Иван Михайлович улыбался, слушая Свидерского, и весело поглядывал на Арину, будто хотел спросить ее: ну, что скажете, певица Буранова?
– Да как же я Ивана Михайловича оставлю? Он же после ранения, еще слабый!
– И совсем я не слабый, – возразил Иван Михайлович, продолжая весело смотреть на нее, – видишь, даже на своих ногах хожу. Тебя ведь, Аринушка, люди просят, не отказывай. Да и сама встряхнешься. А я здесь тебя подожду.

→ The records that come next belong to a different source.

(* Let $r\ge5$, let $A$ be an independent set in $G(n,r,1)$, let $A_0=\{v_1,\dots,v_k\}$, $I_0$, $A_1$, $P$ be as in the context, and fix $x\in[n]\setminus(I_0\cup P)$. For $i=1,\dots,k$ let $B_i=\{v\in A_1: x\in v,\ v\cap v_i\ne\emptyset\}$, and for each $v\in B_i$ let $f(v)=v\setminus\{x,y,z\}$ where $y,z$ are two (arbitrarily chosen) distinct elements of $v\cap v_i$. Let $\omega=r^5\binom{n}{r-5}$. If $i\ne j$, $B_i\ne\emptyset$ and $|B_j|\ge\omega$, then $f(u_1)\cap f(u_2)\ne\emptyset$ for all $u_1,u_2\in B_i$.
   Context: $G(n,r,1)$ is the graph on $[n]^{(r)}$ in which two $r$-subsets are adjacent iff they intersect in exactly one element; members of an independent set pairwise intersect in $0$ or at least $2$ elements, so each $v\in B_i$ has $|v\cap v_i|\ge2$. $A_0=\{v_1,\dots,v_k\}\subset A$ is a subfamily of pairwise disjoint sets of maximum cardinality, $I_0=v_1\cup\dots\cup v_k$, $A_1$ is the set of $v\in A\setminus A_0$ intersecting exactly one $v_i$. Distinct elements $x,y$ are joint if every $v\in A_1$ satisfies $|v\cap\{x,y\}|\ne1$; $P$ is the set of elements of $[n]\setminus I_0$ joint with some other element of $[n]\setminus I_0$. *)

From mathcomp Require Import all_boot.
Set Implicit Arguments. Unset Strict Implicit. Unset Printing Implicit Defensive.

Section Defs.
Variable n : nat.
Notation fam := {set {set 'I_n}}.

Definition r_uniform (r : nat) (A : fam) := forall v, v \in A -> #|v| = r.

(* independent set in G(n,r,1): distinct members never meet in exactly one element *)
Definition independent_nr1 (A : fam) :=
  forall u w, u \in A -> w \in A -> u != w -> #|u :&: w| != 1.

Definition pw_disjoint (F : fam) :=
  forall u w, u \in F -> w \in F -> u != w -> [disjoint u & w].

Definition max_disjoint_subfamily (A A0 : fam) :=
  [/\ A0 \subset A, pw_disjoint A0 &
      forall F : fam, F \subset A -> pw_disjoint F -> #|F| <= #|A0|].

Definition I0 (A0 : fam) : {set 'I_n} := \bigcup_(v in A0) v.

Definition A1 (A A0 : fam) : fam :=
  [set v in A :\: A0 | #|[set w in A0 | ~~ [disjoint v & w]]| == 1].

Definition joint (A A0 : fam) (x y : 'I_n) :=
  x != y /\ forall v, v \in A1 A A0 -> #|v :&: [set x; y]| != 1.

Definition inP (A A0 : fam) (x : 'I_n) :=
  x \notin I0 A0 /\ exists y, y \notin I0 A0 /\ joint A A0 x y.

Definition Bset (A A0 : fam) (x : 'I_n) (vi : {set 'I_n}) : fam :=
  [set v in A1 A A0 | (x \in v) && ~~ [disjoint v & vi]].
End Defs.

From mathcomp Require Import all_boot.

(* Suppose f u1 and f u2 are disjoint. Every w in B_j contains x, meets v_j
   in two points a, b (independence), and meets each u_l in a point other
   than x, necessarily outside v_i since w avoids v_i; such a point lies in
   f u_l.  So w contains a 5-set {x, a, b, c, d} with a, b in v_j, c in f u1,
   d in f u2, and w is determined by (a, b, c, d) together with the
   (r - 5)-set w minus it.  Hence |B_j| <= r^4 C(n, r - 5) < omega. *)

Set Implicit Arguments. Unset Strict Implicit.

Lemma card_le_marked (T K : finType) (W : {set {set T}}) (Q : {set K})
    (mark : K -> {set T}) m k :
  (forall w, w \in W -> #|w| = m) ->
  (forall w, w \in W ->
     exists2 q, q \in Q & (mark q \subset w) && (#|mark q| == k)) ->
  #|W| <= #|Q| * 'C(#|T|, m - k).
Proof.
move=> cardW markW; have [-> | [w0 /markW[q0 _ _]]] := set_0Vmem W.
  by rewrite cards0.
pose good (w : {set T}) q := [&& q \in Q, mark q \subset w & #|mark q| == k].
pose q_of w := odflt q0 [pick q | good w q].
have goodW w : w \in W -> good w (q_of w).
  move=> /markW[q Qq /andP[sub_w card_q]]; rewrite /q_of.
  by case: pickP => [q' //|/(_ q)]; rewrite /good Qq sub_w card_q.
pose g w := (q_of w, w :\: mark (q_of w)).
have inj_g : {in W &, injective g}.
  move=> w1 w2 /goodW/and3P[_ sub1 _] /goodW/and3P[_ sub2 _] [eq_q eq_rest].
  by rewrite -(setID w1 (mark (q_of w1))) -(setID w2 (mark (q_of w2)))
     (setIidPr sub1) (setIidPr sub2) eq_rest eq_q.
rewrite -card_draws -cardsX -(card_in_imset inj_g); apply: subset_leq_card.
apply/subsetP => _ /imsetP[w Ww ->].
have /and3P[Qq sub_w /eqP card_q] := goodW w Ww.
by rewrite in_setX Qq inE cardsD (setIidPr sub_w) card_q cardW /=.
Qed.

Lemma card_set5 (T : finType) (X Y : {set T}) x a b c d :
  x \notin X :|: Y -> [disjoint X & Y] ->
  a \in X -> b \in X -> a != b -> c \in Y -> d \in Y -> c != d ->
  #|[set x; a; b; c; d]| = 5.
Proof.
move=> xXY dXY aX bX ab cY dY cd.
have sub_ab : [set a; b] \subset X by rewrite subUset !sub1set aX bX.
have sub_cd : [set c; d] \subset Y by rewrite subUset !sub1set cY dY.
have -> : [set x; a; b; c; d] = x |: ([set a; b] :|: [set c; d]).
  by apply/setP => e; rewrite !inE !orbA.
rewrite cardsU1 cardsU disjoint_setI0 ?cards0 ?cards2 ?ab ?cd.
  by rewrite (contra (subsetP (setUSS sub_ab sub_cd) x)).
exact: disjointWl sub_ab (disjointWr sub_cd dXY).
Qed.

Lemma setD3_bounds (T : finType) (u S : {set T}) x y z :
  y \in S -> z \in S ->
  u :\: (x |: S) \subset u :\: [set x; y; z] /\
  u :\: [set x; y; z] \subset u :\ x.
Proof.
move=> yS zS; split; apply: setDS; last by rewrite sub1set !inE eqxx.
by rewrite !subUset !sub1set !inE eqxx yS zS !orbT.
Qed.

Lemma indep_meet_gt1 n (A : {set {set 'I_n}}) u w :
  independent_nr1 A -> u \in A -> w \in A -> u != w ->
  ~~ [disjoint u & w] -> 1 < #|u :&: w|.
Proof.
move=> indA uA wA uw; rewrite -setI_eq0 -card_gt0.
by have := indA _ _ uA wA uw; case: #|u :&: w| => [|[]].
Qed.

Lemma A1_disjoint_other n (A A0 : {set {set 'I_n}}) v a b :
  v \in A1 A A0 -> a \in A0 -> b \in A0 -> a != b ->
  ~~ [disjoint v & a] -> [disjoint v & b].
Proof.
rewrite inE => /andP[_ /cards1P[c met_v]] aA0 bA0 ab va.
apply: contraR ab => vb.
have : a \in [set w in A0 | ~~ [disjoint v & w]] by rewrite inE aA0 va.
have : b \in [set w in A0 | ~~ [disjoint v & w]] by rewrite inE bA0 vb.
by rewrite met_v !inE => /eqP-> /eqP->.
Qed.

Definition mark5 (T : finType) (x : T) (q : T * T * T * T) : {set T} :=
  [set x; q.1.1.1; q.1.1.2; q.1.2; q.2].

Section Bset.

Variables (n : nat) (A A0 : {set {set 'I_n}}) (x : 'I_n).

Lemma mem_Bset v vk : v \in Bset A A0 x vk ->
  [/\ v \in A1 A A0, v \in A :\: A0, x \in v & ~~ [disjoint v & vk]].
Proof.
by case/setIdP => vA1 /andP[xv vvk]; split=> //; case/setIdP: vA1.
Qed.

Variables vi vj : {set 'I_n}.
Hypotheses (vi_A0 : vi \in A0) (vj_A0 : vj \in A0) (neq_ij : vi != vj).

Lemma Bset_disjoint_vj u : u \in Bset A A0 x vi -> [disjoint u & vj].
Proof.
by case/mem_Bset => u_A1 _ _; apply: A1_disjoint_other u_A1 vi_A0 vj_A0 neq_ij.
Qed.

Lemma Bset_disjoint_vi w : w \in Bset A A0 x vj -> [disjoint w & vi].
Proof.
case/mem_Bset => w_A1 _ _.
by apply: A1_disjoint_other w_A1 vj_A0 vi_A0 _; rewrite eq_sym.
Qed.

Hypothesis indA : independent_nr1 A.

Lemma Bset_meet_outside w u :
  w \in Bset A A0 x vj -> u \in Bset A A0 x vi ->
  exists e, e \in w :&: (u :\: (x |: vi)).
Proof.
move=> wBj uBi; have w_vi := Bset_disjoint_vi wBj.
have [_ /setDP[wA _] xw _] := mem_Bset wBj.
have [_ /setDP[uA _] xu u_vi] := mem_Bset uBi.
have wu : w != u by apply: contraNneq u_vi => <-.
have w_u : ~~ [disjoint w & u].
  by rewrite -setI_eq0; apply/set0Pn; exists x; rewrite inE xw xu.
have := indep_meet_gt1 indA wA uA wu w_u.
rewrite (cardsD1 x) !inE xw xu add1n ltnS => /card_gt0P[e].
rewrite !inE => /and3P[ex ew eu]; exists e.
by rewrite !inE ew eu (negbTE ex) (disjointFr w_vi ew).
Qed.

Hypotheses (A0_A : A0 \subset A) (x_I0 : x \notin I0 A0).

Lemma Bset_marked u1 u2 (F1 F2 : {set 'I_n}) :
  u1 \in Bset A A0 x vi -> u2 \in Bset A A0 x vi ->
  u1 :\: (x |: vi) \subset F1 -> F1 \subset u1 :\ x ->
  u2 :\: (x |: vi) \subset F2 -> F2 \subset u2 :\ x ->
  [disjoint F1 & F2] -> forall w, w \in Bset A A0 x vj ->
  exists2 q, q \in setX (setX (setX vj vj) F1) F2 &
    (mark5 x q \subset w) && (#|mark5 x q| == 5).
Proof.
move=> u1B u2B lo1 hi1 lo2 hi2 F12 w wBj.
have [_ /setDP[wA wA0] xw w_vj] := mem_Bset wBj.
have wvj : w != vj by apply: contraNneq wA0 => ->.
have /card_gt1P[a [b [/setIP[aw avj] /setIP[bw bvj] ab]]] :=
  indep_meet_gt1 indA wA (subsetP A0_A _ vj_A0) wvj w_vj.
have [c /setIP[cw /(subsetP lo1) cF1]] := Bset_meet_outside wBj u1B.
have [d /setIP[dw /(subsetP lo2) dF2]] := Bset_meet_outside wBj u2B.
exists (a, b, c, d); first by rewrite !in_setX avj bvj cF1 dF2.
apply/andP; split; first by rewrite !subUset !sub1set xw aw bw cw dw.
have F_sub : F1 :|: F2 \subset (u1 :|: u2) :\ x by rewrite setDUl setUSS.
have x_vj : x \notin vj := contra (subsetP (bigcup_sup _ vj_A0) x) x_I0.
have x_F : x \notin F1 :|: F2.
  by apply/negP => /(subsetP F_sub); rewrite !inE eqxx.
have vj_F : [disjoint vj & F1 :|: F2].
  rewrite disjoint_sym; apply: disjointWl F_sub _.
  apply: disjointWl (subsetDl _ _) _.
  by rewrite -setI_eq0 setIUl !disjoint_setI0 ?setU0 ?(Bset_disjoint_vj u1B)
     ?(Bset_disjoint_vj u2B).
have cY : c \in F1 :|: F2 by rewrite inE cF1.
have dY : d \in F1 :|: F2 by rewrite inE dF2 orbT.
have cd : c != d by apply: contraTneq dF2 => <-; rewrite (disjointFr F12 cF1).
by rewrite (card_set5 _ vj_F avj bvj ab cY dY cd) // inE negb_or x_vj.
Qed.

End Bset.

Theorem lemma7 (n r : nat) (A A0 : {set {set 'I_n}}) (x : 'I_n)
    (vi vj : {set 'I_n}) :
  5 <= r ->
  r_uniform r A -> independent_nr1 A ->
  max_disjoint_subfamily A A0 ->
  x \notin I0 A0 -> ~ inP A A0 x ->
  vi \in A0 -> vj \in A0 -> vi != vj ->
  Bset A A0 x vi != set0 ->
  r ^ 5 * 'C(n, r - 5) <= #|Bset A A0 x vj| ->
  forall f : {set 'I_n} -> {set 'I_n},
    (forall v, v \in Bset A A0 x vi ->
       exists y z, [/\ y != z, y \in v :&: vi, z \in v :&: vi &
                       f v = v :\: [set x; y; z]]) ->
  forall u1 u2, u1 \in Bset A A0 x vi -> u2 \in Bset A A0 x vi ->
    f u1 :&: f u2 != set0.
Proof.
move=> r_ge5 unifA indA [A0_A _ _] x_I0 _ vi_A0 vj_A0 neq_ij _ bigBj f f_def
  u1 u2 u1B u2B.
apply/negP => /eqP f12.
have card_B vk w : w \in Bset A A0 x vk -> #|w| = r.
  by case/mem_Bset => _ /setDP[wA _] _ _; apply: unifA.
have f_bounds u : u \in Bset A A0 x vi ->
    [/\ u :\: (x |: vi) \subset f u, f u \subset u :\ x & #|f u| <= r].
  move=> uB; have [y [z [_ /setIP[_ y_vi] /setIP[_ z_vi] ->]]] := f_def u uB.
  have [lo hi] := setD3_bounds u x y_vi z_vi.
  by rewrite -(card_B _ _ uB) subset_leq_card // (subset_trans hi) ?subsetDl.
have [lo1 hi1 le_f1] := f_bounds u1 u1B.
have [lo2 hi2 le_f2] := f_bounds u2 u2B.
have f_disj : [disjoint f u1 & f u2] by rewrite -setI_eq0 f12.
have := card_le_marked (card_B vj) (Bset_marked vi_A0 vj_A0 neq_ij indA A0_A
  x_I0 u1B u2B lo1 hi1 lo2 hi2 f_disj).
have card_vj : #|vj| = r by apply/unifA/(subsetP A0_A).
have C_gt0 : 0 < 'C(n, r - 5).
  rewrite bin_gt0 (leq_trans (leq_subr 5 _)) // -(card_B _ _ u1B).
  by rewrite -[X in _ <= X](card_ord n) max_card.
rewrite card_ord !cardsX card_vj => /(leq_trans bigBj).
have le_r4 : r * r * #|f u1| * #|f u2| <= r ^ 4.
  by rewrite !expnS expn0 muln1 !mulnA !leq_mul.
move/leq_trans/(_ (leq_mul le_r4 (leqnn _))).
by rewrite leq_pmul2r // leqNgt ltn_exp2l // (leq_trans _ r_ge5).
Qed.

На санях мне кататься, пожалуй, рановато, а в вагоне в самый раз. Поезжай, спой. Если угодно, я к господину Свидерскому присоединяюсь и прошу, чтобы ты его просьбу исполнила. Таким двоим красавцам, как мы, ты не имеешь права отказать…
И Арина согласилась.
Они поднялись с Иваном Михайловичем в вагон, она раскрыла свой чемодан и только тут запоздало ахнула: платья-то приличного для выступления нет!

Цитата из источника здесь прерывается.